On 16/12/2016 08:21, Alexander Bokovoy wrote:

So you can have IPA masters with FQDNs in totally different DNS domains
than dictated by their Kerberos realm and --domain options.

That I understand - not only can the IPA masters have FQDNs in different DNS domains, but indeed the member machines of that realm as well.

What was unclear to me was whether "ipa-server-install --domain xxx" affects the content of the database being built (and therefore replicated later to the slaves), or is just something local to the host itself.

In the manpage for "ipa-client-install" it's much clearer: in that case, it says that --domain is the starting domain for LDAP server auto-discovery.

To clarify, there are several DNS auto-discovery mechanisms. Two of them are described in the MIT docs at

(1) Map hostname aaa.bbb.ccc to realm xxx.yyy.zzz

Look for TXT records for _kerberos.aaa.bbb.ccc, _kerberos.bbb.ccc, _kerberos.ccc. The TXT record gives the realm that this host belongs to.

(2) Realm xxx.yyy.zzz to Kerberos servers for that realm

Given realm xxx.yyy.zzz, look for in the DNS for SRV records for

This is all very clear.

Now, the manpage for ipa-client-install describes another one, which is where I get a bit fuzzy:


   DNS Autodiscovery
Client installer by default tries to search for _ldap._tcp.DOMAIN DNS SRV records for all domains that are parent to its hostname. For exam- ple, if a client machine has a hostname 'client1.lab.example.com', the installer will try to retrieve an IPA server hostname from _ldap._tcp.lab.example.com, _ldap._tcp.example.com and _ldap._tcp.com DNS SRV records, respectively. The discovered domain is then used to configure client components (e.g. SSSD and Kerberos 5 configuration) on
       the machine.

What it doesn't actually say (but I believe must be true) is that what it calls the "discovered domain" is in fact the *realm* to use. If so, effectively this is algorithm (2) in reverse: instead of using it for realm to SRV mapping, you hunt for a domain which contains the right SRV records and use this to infer your realm.

Is that right?

(Is this a mechanism modelled on Active Directory? Otherwise, I would have thought you could use MIT algorithm (1) to discover your realm)

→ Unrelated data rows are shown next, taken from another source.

Lemma Tden_pos a j : (j < M)%nat -> 0 <= a j -> 0 < Tden a j.
Proof.
  intros Hj Ha; unfold Tden.
  assert (0 < L (N - 1)%nat j * INR (P (N - 1)%nat))
    by (apply Rmult_lt_0_compat; [auto | apply lt_0_INR; auto]).
  assert (L (N - 1)%nat j * INR (P (N - 1)%nat) <= rsum N (fun i => L i j * INR (P i))).
  { apply (rsum_ge_term N (fun i => L i j * INR (P i))); [|lia].
    intros; apply Rmult_le_pos; [auto | apply pos_INR]. }
  nra.
Qed.

Lemma gradS_pairing a v :
  rsum M (fun j => gradS a j * v j) =
  rsum N (fun i => Lmul M L v i * (d i * exp (- Lmul M L a i) - INR (P i)))
  - gamma * rsum M (fun j => 2 * a j * v j).
Proof.
  rewrite rsum_Lmul_transpose, <- rsum_scal_l, <- rsum_minus.
  apply rsum_ext; intros j _; unfold gradS, Tnum, Tden.
  rewrite (rsum_ext N (fun i => L i j * (d i * exp (- Lmul M L a i) - INR (P i)))
             (fun i => L i j * (d i * exp (- Lmul M L a i)) - L i j * INR (P i)))
    by (intros; ring).
  rewrite rsum_minus; ring.
Qed.

Lemma Sobj_line_derive a v :
  is_derive (fun t => S (fun k => a k + t * v k)) 0 (rsum M (fun j => gradS a j * v j)).
Proof.
  rewrite gradS_pairing.
  apply is_derive_ext with (fun t =>
    rsum N (fun i => INR (P i) * ln (d i) - (Lmul M L a i + t * Lmul M L v i) * INR (P i)
                     - d i * exp (- (Lmul M L a i + t * Lmul M L v i)) - ln (INR (fact (P i))))
    - gamma * rsum M (fun k => (a k + t * v k) ^ 2)).
  { intros t; unfold Sobj, loglik; f_equal.
    apply rsum_ext; intros; rewrite Lmul_line; reflexivity. }
  apply (is_derive_minus (fun t => rsum N _) (fun t => gamma * rsum M _)).
  - apply (is_derive_rsum N (fun i t => _)); intros i _.
    auto_derive; [exact I|].
    rewrite Rmult_0_l, Rplus_0_r; ring.
  - apply is_derive_scal, (is_derive_rsum M (fun k t => _)); intros k _.
    auto_derive; [exact I|]; ring.
Qed.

After all, these are *flexibility* options. They are not supposed to
make sense in all combinations. Where they aren't making sense, you are
allowed to shoot yourself in your feet if you know what you are doing.

Absolutely, and I don't want to get this wrong and have to start again :-)

OK, I have a final question on the planning of realms and DNS.

As we've already said, in an IPA-only installation, the machines which are members of the realms can happily have hostnames which are unrelated to the realm name: e.g.

         | | |
machines <name>.foo.com
machines <name>.bar.com

A user in IPA.EXAMPLE.COM can login to host <name>.foo.com, either because their krb5.conf has a static domain->realm mapping, or there's a DNS entry: _kerberos.foo.com TXT "IPA.EXAMPLE.COM"

However, suppose I plan to end up with a trust to an Active Directory / Samba4 realm:

    | | |                      | | |
    users                    machines

I want to allow users in the AD.EXAMPLE.COM realm to login to machines in the IPA.EXAMPLE.COM realm.

Will this still work when the machines are in different DNS domains? Or at this point, am I forced to give all the machines hostnames of the form <name>.ipa.example.com ?

If the latter is true, it would be wise for me to start naming my hosts <name>.ipa.example.com in the first place.